Prediction of Magnetoelectric behavior in Bi2MnTiO6

TL;DR

This study uses ab initio density functional theory calculations to predict that Bi2MnTiO6 is a noncentrosymmetric, magnetoelectric insulator with antiferromagnetic ordering and ferroelectric properties.

Contribution

The paper predicts the crystal structure, magnetic order, and magnetoelectric behavior of Bi2MnTiO6 using first-principles calculations, providing new insights into its multiferroic potential.

Findings

Bi2MnTiO6 has a rhombohedral R3c structure.

It exhibits G-type antiferromagnetic ordering.
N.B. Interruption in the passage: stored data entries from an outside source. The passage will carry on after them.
(* Let $\mathbb{F}_2$ be the free group on generators $a,b$, let $\ell\colon \mathbb{F}_2\to\mathbb{N}$ be the word length with respect to $\{a,a^{-1},b,b^{-1}\}$, let $\gamma_n(\mathbb{F}_2)$ denote the $n$-th term of the lower central series ($\gamma_1(\mathbb{F}_2)=\mathbb{F}_2$, $\gamma_{n+1}(\mathbb{F}_2)=[\gamma_n(\mathbb{F}_2),\mathbb{F}_2]$), and set $\alpha(n):=\min\{\ell(w)\mid w\in\gamma_n(\mathbb{F}_2)\setminus\{e\}\}$ and $\alpha:=\lim_{n\to\infty}\frac{\log_2(\alpha(n))}{\log_2(n)}$. Then $$\alpha\le \log_{\varphi}(2)=1.440\ldots,$$ where $\varphi=\frac{1+\sqrt5}{2}$ is the golden ratio; equivalently, $\alpha(n)\preceq n^{\log_\varphi(2)+\varepsilon}$ for all $\varepsilon>0$.
   Context: The limit defining $\alpha$ is known to exist. For functions $f,g\colon\mathbb{N}\to\mathbb{R}$, $f(n)\preceq g(n)$ means there is a constant $C$ such that $f(n)\le C\,g(Cn)$ for all $n\in\mathbb{N}$. *)

From HB Require Import structures.
From mathcomp Require Import all_boot all_order all_algebra.
From mathcomp Require Import all_classical all_reals all_analysis.
Set Implicit Arguments. Unset Strict Implicit. Unset Printing Implicit Defensive.
Import Order.TTheory GRing.Theory Num.Theory.

(* The free group F_2 on generators a, b, modelled as freely reduced words. *)
(* A letter is (g, s): g = false for a, true for b; s = true for an inverse. *)
Definition letter := (bool * bool)%type.
Definition word := seq letter.

Definition linv (x : letter) : letter := (x.1, ~~ x.2).

Definition reduce_cons (x : letter) (w : word) : word :=
  match w with
  | y :: w' => if y == linv x then w' else x :: w
  | [::] => [:: x]
  end.

Definition reduce (w : word) : word := foldr reduce_cons [::] w.

Definition reduced (w : word) : Prop := reduce w = w.

Definition fmul (u v : word) : word := reduce (u ++ v).
Definition finv (w : word) : word := rev (map linv w).
Definition fcomm (x y : word) : word := fmul (fmul (finv x) (finv y)) (fmul x y).

Definition wlen (w : word) : nat := size w.

Inductive gen (S : word -> Prop) : word -> Prop :=
  | gen_one : gen S [::]
  | gen_in x : S x -> gen S x
  | gen_inv x : gen S x -> gen S (finv x)
  | gen_mul x y : gen S x -> gen S y -> gen S (fmul x y).

(* lcs k = gamma_{k+1}(F_2) *)
Fixpoint lcs (k : nat) : word -> Prop :=
  match k with
  | 0 => reduced
  | k'.+1 => gen (fun c => exists x y, lcs k' x /\ reduced y /\ c = fcomm x y)
  end.

(* gamma_n(F_2), n >= 1 (gamma_0 is set to gamma_1 by convention) *)
Definition gamma (n : nat) : word -> Prop := lcs n.-1.

(* alpha(n) = min { l(w) | w in gamma_n(F_2) \ {e} } (0 if the set were empty) *)
Definition alpha_pred (n : nat) : pred nat :=
  fun k => `[< exists w, gamma n w /\ w <> [::] /\ wlen w = k >].

Definition alpha (n : nat) : nat :=
  match pselect (exists k, alpha_pred n k) with
  | left h => ex_minn h
  | right _ => 0%N
  end.

Local Open Scope ring_scope.

Definition log2 {R : realType} (x : R) : R := ln x / ln 2.

Definition golden_ratio {R : realType} : R := (1 + Num.sqrt 5) / 2.

From Pilot Require Import Defs.
From HB Require Import structures.
From mathcomp Require Import all_boot all_order all_algebra.
From mathcomp Require Import all_classical all_reals all_analysis.
From mathcomp Require Import zify ring lra.
Import Order.TTheory GRing.Theory Num.Theory numFieldNormedType.Exports.
(* Re-imported so that [finv] denotes the inverse in F_2, not fingraph's [finv]. *)
Import Defs.
Set Implicit Arguments. Unset Strict Implicit. Unset Printing Implicit Defensive.

(* Let F_k be the Fibonacci numbers. The commutators u_0 = a, u_1 = b a^-1,
   u_(k+2) = [u_(k+1), u_k] satisfy u_k \in gamma_(F_(k+1)), because
   [gamma_m, gamma_n] <= gamma_(m+n). The endomorphism tau of F_2 given by
   a |-> a^-1 b a b^-1, b |-> a b^-1 a^-1 b sends u_k to a conjugate of
   u_(k+2), and no cancellation occurs when it is applied to a reduced word,
   so it multiplies lengths by exactly 4. Hence tau^j(u_1) is a nontrivial
   element of gamma_(F_(2j+2)) of length 2 * 4^j, i.e. alpha(F_(2j+2)) <= 2^(2j+1),
   while F_(2j+2) >= phi^(2j). Along this subsequence log alpha(n) / log n is
   at most (1 + 1/(2j)) log_phi 2, which bounds the limit. *)

(** * Free reduction *)

Lemma linvK : involutive linv.
Proof. by case=> g s; rewrite /linv /= negbK. Qed.

Fixpoint reducedb (w : word) : bool :=
  match w with
  | x :: ((y :: _) as w') => (y != linv x) && reducedb w'
  | _ => true
  end.

Lemma reducedb_behead x w : reducedb (x :: w) -> reducedb w.
Proof. by case: w => //= y w /andP[]. Qed.

Lemma reducedb_reduce_cons x w : reducedb w -> reducedb (reduce_cons x w).
Proof.
case: w => [|y w] //= w_red; case: ifP => [_|/negbT y_x].
  exact: reducedb_behead w_red.
by rewrite /= y_x w_red.
Qed.

Lemma reducedb_reduce w : reducedb (reduce w).
Proof. by elim: w => //= x w; apply: reducedb_reduce_cons. Qed.

Lemma reduce_id w : reducedb w -> reduce w = w.
Proof.
elim: w => //= x w IHw xw_red; rewrite IHw; last exact: reducedb_behead xw_red.
by case: w xw_red {IHw} => //= y w /andP[/negbTE ->].
Qed.

Lemma reducedP w : reflect (reduced w) (reducedb w).
Proof. by apply: (iffP idP) => [/reduce_id | <-] //; apply: reducedb_reduce. Qed.

Lemma reduce_idem w : reduce (reduce w) = reduce w.
Proof. exact/reduce_id/reducedb_reduce. Qed.

Lemma reduce_consVK x w : reducedb w -> reduce_cons x (reduce_cons (linv x) w) = w.
Proof.
case: w => [|y w] /=; first by rewrite eqxx.
case: ifP => [/eqP|_ _]; last by rewrite /= eqxx.
rewrite linvK => -> {y}.
by case: w => //= z w /andP[/negbTE ->].
Qed.

Lemma reducedb_foldr t u : reducedb t -> reducedb (foldr reduce_cons t u).
Proof. by move=> t_red; elim: u => //= x u; apply: reducedb_reduce_cons. Qed.

Lemma foldr_reduce_cons t x w : reducedb t ->
  foldr reduce_cons t (reduce_cons x w) = reduce_cons x (foldr reduce_cons t w).
Proof.
move=> t_red; case: w => [|y w] //=; case: ifP => [/eqP ->|] //=.
by rewrite reduce_consVK // reducedb_foldr.
Qed.

Lemma foldr_reduce t u : reducedb t ->
  foldr reduce_cons t (reduce u) = foldr reduce_cons t u.
Proof. by move=> t_red; elim: u => //= x u IHu; rewrite foldr_reduce_cons // IHu. Qed.

Lemma reduce_cat u v : reduce (u ++ v) = foldr reduce_cons (reduce v) u.
Proof. by rewrite /reduce foldr_cat. Qed.

Lemma reduce_catl u v : reduce (reduce u ++ v) = reduce (u ++ v).
Proof. by rewrite !reduce_cat foldr_reduce // reducedb_reduce. Qed.

Lemma reduce_catr u v : reduce (u ++ reduce v) = reduce (u ++ v).
Proof. by rewrite !reduce_cat reduce_idem. Qed.

Lemma finv_cat u v : finv (u ++ v) = finv v ++ finv u.
Proof. by rewrite /finv map_cat rev_cat. Qed.

Lemma finv_cons x u : finv (x :: u) = finv u ++ [:: linv x].
Proof. by rewrite -cat1s finv_cat. Qed.

Lemma finvK : involutive finv.
Proof. by move=> u; rewrite /finv map_rev revK -map_comp (eq_map linvK) map_id. Qed.

Lemma foldr_finv t u : reducedb t ->
  foldr reduce_cons (foldr reduce_cons t u) (finv u) = t.
Proof.
move=> t_red; elim: u => //= x u IHu; rewrite finv_cons foldr_cat /=.
by have := reduce_consVK (linv x) (reducedb_foldr u t_red); rewrite linvK => ->.
Qed.

Lemma reduce_catVK u v : reduce (finv u ++ u ++ v) = reduce v.
Proof. by rewrite catA reduce_cat foldr_cat foldr_finv // reducedb_reduce. Qed.

Lemma reduce_catKV u v : reduce (u ++ finv u ++ v) = reduce v.
Proof. by rewrite -{1}(finvK u) reduce_catVK. Qed.

Definition reduced_junction (s t : word) : bool :=
  match s, t with
  | x :: s', y :: _ => y != linv (last x s')
  | _, _ => true
  end.

Lemma reducedb_cat s t :
  reducedb (s ++ t) = [&& reducedb s, reducedb t & reduced_junction s t].
Proof.
elim: s => [|x s IHs]; first by rewrite /= andbT.
case: s IHs => [|y s] IHs; first by clear IHs; case: t => [|z t] //=; rewrite andbC.
have -> : reducedb ((x :: y :: s) ++ t) = (y != linv x) && reducedb ((y :: s) ++ t) by [].
by rewrite IHs /= -!andbA.
Qed.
It is predicted to be a magnetoelectric insulator.

Abstract

We present results from ab initio calculations based on density functional theory for bismuth-based double perovskite Bi2MnTiO6. Using total energy calculation with stress and force minimization we have predicted the equilibrium crystal structure for Bi2MnTiO6 considering potential structures into the calculation. We have predicted that the ground state of Bi2MnTiO6 will be a noncentrosymmetric rhombohedral structure with space group R3c. Our spin polarized calculation for different possible collinear magnetic configurations we found that Bi2MnTiO6 will be an insulator with G-type antiferromagnetic ordering in its ground state. The coexistence of both stereochemically active Bi-6s lone pair and the Ti4+ with d0-ness which bring covalency results in the stabilization of noncentrosymmetric structure and thus ferroelectricity. Our orbital projected density of states plot shows that the Mn2+ in Bi2MnTiO6 will be at high spin state with a spin moment of 4.28 {\mu}B. Hence Bi2MnTiO6 is predicted to be a magnetoelectric material.